In anticipation of the 2017 World Masters Games, Kaur trained regularly at Punjabi University, in hopes of improving upon her own world record which she set over the years. Her coach was her own son Gurdev Singh, who was 79 years old at that time. In the 2017 games, held in Auckland, New Zealand she completed the 100 metre sprint in 74 seconds.

In 2019 she competed in Poland winning four events in her category - shot put, 60m sprint, 200m, and the javelin. She completed the 60m race in 36 seconds and "felt great" afterwards.
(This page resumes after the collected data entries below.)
(* Let $m \geq 4$ and let $\Delta_m$ be the two-edge-coloured graph defined in the context. Then: (1) There exists a transversal graph $T$ of $\Delta_m$ such that no transversal graph of $\Delta_m$ is isomorphic, as an edge-coloured graph, to the edge-colour complement of $T$. (2) There is no permutation $\pi$ of the set of $4^m$ positive signed basis matrices that sends every amicable pair of basis matrices with disjoint support to an anti-amicable pair with disjoint support and every anti-amicable pair with disjoint support to an amicable pair with disjoint support; and the set of transversal graphs of $\Delta_m$ that are not isomorphic (as edge-coloured graphs) to their own edge-colour complement cannot be partitioned into pairs in which each member is isomorphic to the edge-colour complement of the other. (3) Among all $m' \geq 1$, the values for which there exists an automorphism of $\Delta_{m'}$ that swaps the red subgraph $\Delta_{m'}[-1]$ and the blue subgraph $\Delta_{m'}[1]$ are exactly $m' = 1, 2, 3$.
   Context: Let $E_1 = \begin{pmatrix} 0 & -1 \\ 1 & 0\end{pmatrix}$ and $E_2 = \begin{pmatrix} 0 & 1 \\ 1 & 0 \end{pmatrix}$. The positive signed basis of the real monomial representation of the Clifford algebra $\mathbb{R}_{m,m}$ is the set of $4^m$ real monomial $2^m\times 2^m$ matrices $M_1\otimes M_2\otimes\cdots\otimes M_m$ with each $M_t \in \{I_2, E_1, E_2, E_1E_2\}$ (one fixed sign per such product). Two matrices have disjoint support if there is no position where both have a nonzero entry. Two orthogonal matrices $A,B$ are amicable if $AB^{-1}$ is symmetric and anti-amicable if $AB^{-1}$ is skew-symmetric. $\Delta_m$ is the graph whose vertices are the $4^m$ positive signed basis matrices, in which distinct $A,B$ are joined by a red edge (label $-1$) if they have disjoint support and are anti-amicable, by a blue edge (label $1$) if they have disjoint support and are amicable, and are not adjacent otherwise. $\Delta_m[-1]$ (resp. $\Delta_m[1]$) is the graph on the same vertex set with only the red (resp. blue) edges. A transversal graph of $\Delta_m$ is an induced subgraph of $\Delta_m$ that is a complete graph on $2^m$ vertices (with its edge colours). The edge-colour complement of an edge-coloured complete graph is obtained by swapping the colours red and blue on every edge. An automorphism of $\Delta_m$ swapping $\Delta_m[-1]$ and $\Delta_m[1]$ is a permutation of the vertices mapping red edges exactly onto blue edges and blue edges exactly onto red edges. *)

From HB Require Import structures.
From mathcomp Require Import all_boot all_order all_algebra all_fingroup.
Set Implicit Arguments. Unset Strict Implicit. Unset Printing Implicit Defensive.
Import Order.TTheory GRing.Theory Num.Theory.
Local Open Scope ring_scope.

Definition E1 : 'M[int]_2 :=
  \matrix_(i < 2, j < 2) (if (val i == 0%N) && (val j == 1%N) then -1
                          else if (val i == 1%N) && (val j == 0%N) then 1 else 0).
Definition E2 : 'M[int]_2 :=
  \matrix_(i < 2, j < 2) (if val i != val j then 1 else 0).

Definition gen (k : 'I_4) : 'M[int]_2 :=
  match val k with
  | 0%N => 1%:M
  | 1%N => E1
  | 2%N => E2
  | _ => E1 *m E2
  end.

(* Index type of the positive signed basis of R_{m,m}: choices (M_1,...,M_m). *)
Definition Idx (m : nat) := {ffun 'I_m -> 'I_4}.

(* t-th binary digit (t = 0 most significant) of a row/column index of a
   2^m x 2^m matrix, according to the Kronecker product ordering. *)
Definition kbit (m : nat) (t : 'I_m) (i : 'I_(2 ^ m)) : 'I_2 :=
  inord ((val i %/ 2 ^ (m - t.+1)) %% 2).

(* The basis matrix M_1 (x) M_2 (x) ... (x) M_m (Kronecker product, entrywise). *)
Definition basis (m : nat) (v : Idx m) : 'M[int]_(2 ^ m) :=
  \matrix_(i, j) \prod_(t < m) gen (v t) (kbit t i) (kbit t j).

Definition disjoint_support n (A B : 'M[int]_n) : bool :=
  [forall i, forall j, (A i j == 0) || (B i j == 0)].

Definition amicable n (A B : 'M[int]_n) : bool :=
  (A *m invmx B)^T == A *m invmx B.
Definition anti_amicable n (A B : 'M[int]_n) : bool :=
  (A *m invmx B)^T == - (A *m invmx B).

Definition red (m : nat) (a b : Idx m) : bool :=
  [&& a != b, disjoint_support (basis a) (basis b) & anti_amicable (basis a) (basis b)].
Definition blue (m : nat) (a b : Idx m) : bool :=
  [&& a != b, disjoint_support (basis a) (basis b) & amicable (basis a) (basis b)].

Definition transversal_graph (m : nat) (S : {set Idx m}) : Prop :=
  #|S| = (2 ^ m)%N /\
  {in S &, forall a b, a != b -> red a b || blue a b}.

Definition col_iso (m : nat) (S S' : {set Idx m}) : Prop :=
  exists f : Idx m -> Idx m,
    [/\ {in S &, injective f}, f @: S = S' &
        {in S &, forall a b, red (f a) (f b) = red a b /\ blue (f a) (f b) = blue a b}].

Definition compl_iso (m : nat) (S S' : {set Idx m}) : Prop :=
  exists f : Idx m -> Idx m,
    [/\ {in S &, injective f}, f @: S = S' &
        {in S &, forall a b, red (f a) (f b) = blue a b /\ blue (f a) (f b) = red a b}].

Definition swapping_perm (m : nat) (p : {perm Idx m}) : Prop :=
  forall a b, red (p a) (p b) = blue a b /\ blue (p a) (p b) = red a b.

Definition amicable_swapping (m : nat) (p : {perm Idx m}) : Prop :=
  forall a b, (blue a b -> red (p a) (p b)) /\ (red a b -> blue (p a) (p b)).

From HB Require Import structures.
From mathcomp Require Import all_boot all_order all_algebra all_fingroup.
From mathcomp Require Import zify.
Set Implicit Arguments. Unset Strict Implicit. Unset Printing Implicit Defensive.
Import GRing.Theory.

(* A basis matrix is a signed permutation matrix determined by two vectors
   x, z in F_2^m: it maps the row with binary digits i to the column i + x,
   and z governs the signs.  Two basis matrices have disjoint support iff
   their x-parts differ, and then they are anti-amicable if
   Q(x + x', z + z') = 1 and amicable otherwise, where Q(x, z) = x.z.  So a
   transversal graph is the graph of a map h : F_2^m -> F_2^m, and it is
   entirely red iff (x + y).(h x + h y) = 1 for all x <> y.  Summing this
   identity over the pairs {0, v} with v in a plane P = {0, u, w, u + w}, and
   over the pairs {v, y} with v in P for a fixed y outside P, gives
   y.s = 1 for every y outside P, where s is the sum of h over P.  As y |-> y.s
   is linear, taking y1, y2 and y1 + y2 outside P (possible once m >= 4) gives
   1 + 1 = 1.  Hence the all-blue transversal of the unsigned basis matrices
   has no complementary transversal and no colour-swapping automorphism
   exists.  For m <= 3 such maps h exist, and (x, z) |-> (x, z + h x) swaps
   the colours. *)

Local Notation bvec m := {ffun 'I_m -> bool}.

Section BoolVectors.
Variable m : nat.
Implicit Types x y z : bvec m.

Definition vzero : bvec m := [ffun => false].
Definition vadd x y : bvec m := [ffun t => x t (+) y t].
Definition bdot x y : bool := \big[addb/false]_(t < m) (x t && y t).

Lemma vadd0l : left_id vzero vadd.
Proof. by move=> x; apply/ffunP => t; rewrite !ffunE. Qed.

Lemma vaddC : commutative vadd.
Proof. by move=> x y; apply/ffunP => t; rewrite !ffunE addbC. Qed.

Lemma vaddACA : interchange vadd vadd.
Proof. by move=> x y z w; apply/ffunP => t; rewrite !ffunE addbACA. Qed.

Lemma vaddK y : cancel (vadd^~ y) (vadd^~ y).
Proof. by move=> x; apply/ffunP => t; rewrite !ffunE -addbA addbb addbF. Qed.

Lemma vadd_inj x : injective (vadd x).
Proof. by move=> y z; rewrite ![vadd x _]vaddC => /(can_inj (vaddK x)). Qed.

Lemma vadd_eq_swap x y a b : (vadd x a == vadd y b) = (vadd y a == vadd x b).
Proof.
by apply/eqP/eqP => /ffunP E; apply/ffunP => t; move: (E t); rewrite !ffunE;
  case: (x t); case: (y t); case: (a t); case: (b t).
Qed.

Lemma bdotDl x y z : bdot (vadd x y) z = bdot x z (+) bdot y z.
Proof.
by rewrite /bdot -big_split; apply: eq_bigr => t _; rewrite ffunE andb_addl.
Qed.

Lemma bdotDr x y z : bdot x (vadd y z) = bdot x y (+) bdot x z.
Proof.
by rewrite /bdot -big_split; apply: eq_bigr => t _; rewrite ffunE andb_addr.
Qed.

Lemma bdot0l z : bdot vzero z = false.
Proof. by rewrite /bdot big1 // => t _; rewrite ffunE. Qed.

Lemma bdot0r x : bdot x vzero = false.
Proof. by rewrite /bdot big1 // => t _; rewrite ffunE andbF. Qed.

Definition red_section (h : bvec m -> bvec m) : Prop :=
  forall x y, x != y -> bdot (vadd x y) (vadd (h x) (h y)).

Section RedSection.
Variables (h : bvec m -> bvec m) (hr : red_section h).

Lemma red_section_cross x y : y != x ->
  bdot y (h x) = ~~ (bdot x (h x) (+) bdot x (h y) (+) bdot y (h y)).
Proof.
rewrite eq_sym => /hr; rewrite bdotDl !bdotDr.
by case: (bdot x (h x)); case: (bdot x (h y)); case: (bdot y (h x)); case: (bdot y (h y)).
Qed.

Lemma red_section_plane u w : u != vzero -> w != vzero -> u != w ->
  bdot u (h u) (+) bdot w (h w) (+) bdot (vadd u w) (h (vadd u w)).
Proof.
move=> u0 w0 uw.
have uw0 : vadd u w != vzero.
  by apply: contra uw => /eqP E; rewrite -[u](vaddK w) E vadd0l.
have diag v : v != vzero -> bdot v (h v) = ~~ bdot v (h vzero).
  by move/red_section_cross ->; rewrite !bdot0l negbK.
by rewrite !diag // bdotDl; case: (bdot u _); case: (bdot w _).
Qed.

Lemma red_section_off_plane u w y :
  y != vzero -> y != u -> y != w -> y != vadd u w ->
  bdot y (vadd (vadd (h vzero) (h u)) (vadd (h w) (h (vadd u w)))) =
  bdot u (h u) (+) bdot w (h w) (+) bdot (vadd u w) (h (vadd u w)).
Proof.
move=> y0 yu yw yuw.
rewrite !bdotDr (red_section_cross y0) (red_section_cross yu).
rewrite (red_section_cross yw) (red_section_cross yuw) !bdot0l [bdot (vadd u w) (h y)]bdotDl.
by case: (bdot y (h y)); case: (bdot u (h u)); case: (bdot w (h w));
  case: (bdot u (h y)); case: (bdot w (h y)); case: (bdot (vadd u w) _).
Qed.

End RedSection.

Lemma no_red_section h : (4 <= m)%N -> ~ red_section h.
Proof.
move=> m4 hr; pose e k : bvec m := [ffun t => val t == k].
have neq_at x y t : x t != y t -> x != y.
  by apply: contra_neq => ->.
have ord k : (k < 4)%N -> {t : 'I_m | val t = k}.
  by move=> k4; exists (Ordinal (leq_trans k4 m4)).
move: (ord 0 isT) (ord 1 isT) (ord 2 isT) (ord 3 isT) => [t0 t0E] [t1 t1E] [t2 t2E] [t3 t3E].
have u0 : e 0 != vzero by apply: (neq_at _ _ t0); rewrite !ffunE t0E.
have w0 : e 1 != vzero by apply: (neq_at _ _ t1); rewrite !ffunE t1E.
have uw : e 0 != e 1 by apply: (neq_at _ _ t0); rewrite !ffunE t0E.
set s := vadd (vadd (h vzero) (h (e 0))) (vadd (h (e 1)) (h (vadd (e 0) (e 1)))).
have off y t : y t -> (1 < val t)%N -> bdot y s.
  move=> yt t_gt1; have [t_ne0 t_ne1] : val t != 0 /\ val t != 1 by lia.
  rewrite (red_section_off_plane hr) ?(red_section_plane hr) //;
    by apply: (neq_at _ _ t); rewrite !ffunE yt ?(negbTE t_ne0) ?(negbTE t_ne1).
have off2 : bdot (e 2) s by apply: (off _ t2); rewrite ?ffunE t2E.
have off3 : bdot (e 3) s by apply: (off _ t3); rewrite ?ffunE t3E.
have : bdot (vadd (e 2) (e 3)) s by apply: (off _ t2); rewrite ?ffunE t2E.
by rewrite bdotDl off2 off3.
Qed.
After this she and Gurdev were invited to tour universities in Baru Sahib where they inspired students when they spoke about their achievements and the diet they follow. As per those speeches, their diet includes nuts and pulses, home grown soy milk, kefir, wheatgrass juice, and sprouted wheat which they turn into chapatis.

Late 2019, Kaur (age 103) won gold in the 200 meter dash at 3:01.61 and shot put at 2.21 m at the December 2019 Asian Masters Championship in Malaysia.

On 8 March (International Women's Day) 2020 she was handed the Nari Shakti Puraskar award. The award was presented at Rashtrapati Bhavan the Presidential Palace India in New Delhi by the President of India with the Prime Minister of India, Narendra Modi, in attendance. She was nicknamed the "Miracle from Chandigarh".

Kaur died on 31 July 2021, at the age of 105, after suffering from gallbladder cancer.